Fixpoint transcript (n : nat) (t : strategy n) (S : {set 'I_n}) : seq outcome :=
  match t with
  | Stop => [::]
  | Weigh L R f => let o := weigh S L R in o :: transcript (f o) S
  end.

Fixpoint legal_on (n : nat) (t : strategy n) (S : {set 'I_n}) : Prop :=
  match t with
  | Stop => True
  | Weigh L R f =>
      [/\ [disjoint L & R], #|L| = #|R| & legal_on (f (weigh S L R)) S]
  end.

(* Three kinds of
   single weighings refine knowledge about the pair {x, y}:
   - halving:   both coins lie in L u R; the reading says whether both are in
                L, both in R, or one in each;
   - locating:  exactly one coin lies in L u R; the reading says which pan;
   - refining:  x lies in A1 u A2 and y in B1 u B2; weighing A1 u B2 against
                A2 u F (F a block of genuine coins) tells both halves at once.
   Iterating refining on dyadic blocks solves "one coin in each of two blocks
   of size 2^j" in j weighings; combined with halving this solves "two coins
   in a block of size 2^j" in j weighings, provided a disjoint block of
   genuine coins is available.  For n = 4q coins (q = 2^(k-2)) a first halving
   of the two halves either reduces to that situation, or leaves one coin in
   each half; then two locating weighings free a quarter of genuine coins and
   refining finishes, for k + 1 weighings in total. *)
From mathcomp Require Import all_boot zify.
Set Implicit Arguments. Unset Strict Implicit. Unset Printing Implicit Defensive.

Lemma card_pairI (T : finType) (x y : T) (A : {set T}) : x != y ->
  #|[set x; y] :&: A| = (x \in A) + (y \in A).
Proof.
move=> xy; rewrite (cardsD1 x) (cardsD1 y) (_ : _ :\ x :\ y = set0) ?cards0.
  by rewrite !inE !eqxx [y == x]eq_sym (negbTE xy) /= addn0.
by apply/setP => z; rewrite !inE; case: eqP; case: eqP.
Qed.

Lemma cards_disjointU (T : finType) (A B : {set T}) :
  [disjoint A & B] -> #|A :|: B| = #|A| + #|B|.
Proof. by move=> dAB; apply/eqP; rewrite (leq_card_setU A B).2. Qed.

Lemma in_setU_r (T : finType) (A B : {set T}) x : x \in A :|: B -> x \notin A -> x \in B.
Proof. by rewrite inE => /orP [->|]. Qed.

Section Strategies.
Variable n : nat.
Implicit Types (L R A B Y F : {set 'I_n}) (t : strategy n) (P : {set 'I_n} -> Prop).

Lemma weigh_both_on_pans L R (x y : 'I_n) : [disjoint L & R] -> x != y ->
  x \in L :|: R -> y \in L :|: R ->
  weigh [set x; y] L R =
  if x \in L then (if y \in L then MuchLess else Equal)
  else (if y \in L then Equal else MuchMore).
Proof.
move=> dLR xy xLR yLR; rewrite /weigh !card_pairI //.
by case: (boolP (x \in L)) => [/(disjointFr dLR) | /(in_setU_r xLR)] ->;
   case: (boolP (y \in L)) => [/(disjointFr dLR) | /(in_setU_r yLR)] ->.
Qed.

Lemma weigh_off_right_pan L R (x y : 'I_n) : [disjoint L & R] -> x != y ->
  x \in L :|: R -> y \notin R ->
  weigh [set x; y] L R =
  if x \in L then (if y \in L then MuchLess else Less)
  else (if y \in L then Equal else More).
Proof.
move=> dLR xy xLR /negbTE yR; rewrite /weigh !card_pairI // yR.
by case: (boolP (x \in L)) => [/(disjointFr dLR) | /(in_setU_r xLR)] ->; case: (y \in L).
Qed.

Definition solves t P N :=
  (forall S, P S -> legal_on t S /\ size (transcript t S) <= N) /\
  (forall S1 S2, P S1 -> P S2 -> transcript t S1 = transcript t S2 -> S1 = S2).

Lemma solves_stop P N : (forall S1 S2, P S1 -> P S2 -> S1 = S2) -> solves (Stop n) P N.
Proof. by move=> uniqP; split=> // S1 S2 P1 P2 _; apply: uniqP. Qed.

Lemma solves_weigh L R (f : outcome -> strategy n) P (Q : outcome -> {set 'I_n} -> Prop) N :
  [disjoint L & R] -> #|L| = #|R| -> (forall S, P S -> Q (weigh S L R) S) ->
  (forall o, solves (f o) (Q o) N) -> solves (Weigh L R f) P N.+1.
Proof.
move=> dLR cLR PQ solf; split=> [S PS | S1 S2 P1 P2 /= [o12 tr12]].
  by have [/(_ S (PQ S PS)) [legS sizeS] _] := solf (weigh S L R).
have [_ uniq1] := solf (weigh S1 L R); apply: uniq1; first exact: PQ.
  by rewrite o12; apply: PQ.
by rewrite {2}o12.
Qed.

Lemma solves_weaken t P Q N M : solves t P N -> (forall S, Q S -> P S) -> N <= M ->
  solves t Q M.
Proof.
move=> [solP uniqP] QP NM; split=> [S /QP /solP [legS szS] | S1 S2 /QP Q1 /QP Q2].
  by split=> //; apply: leq_trans NM.
exact: uniqP.
Qed.

(* The empty family, for readings that cannot occur. *)
Definition no_pair (S : {set 'I_n}) : Prop := False.

Lemma solves_no_pair N : solves (Stop n) no_pair N.
Proof. by apply: solves_stop. Qed.

Definition pair_within A S :=
  exists x y : 'I_n, [/\ x != y, S = [set x; y], x \in A & y \in A].

Definition pair_across A B S := exists x y : 'I_n, [/\ S = [set x; y], x \in A & y \in B].

Lemma pair_across_sym A B S : pair_across A B S -> pair_across B A S.
Proof. by move=> [x [y [-> xA yB]]]; exists y, x; rewrite setUC. Qed.

Definition halving L R (tL tR tLR : strategy n) : strategy n :=
  Weigh L R (fun o => match o with
    | MuchLess => tL | Equal => tLR | MuchMore => tR | _ => Stop n end).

━━━━━━━━━━━━━━━━

Pull every line containing "genuine" out of the entries.

                A2 u F (F a block of genuine coins) tells both halves at once.
   genuine coins is available.  For n = 4q coins (q = 2^(k-2)) a first halving
   each half; then two locating weighings free a quarter of genuine coins and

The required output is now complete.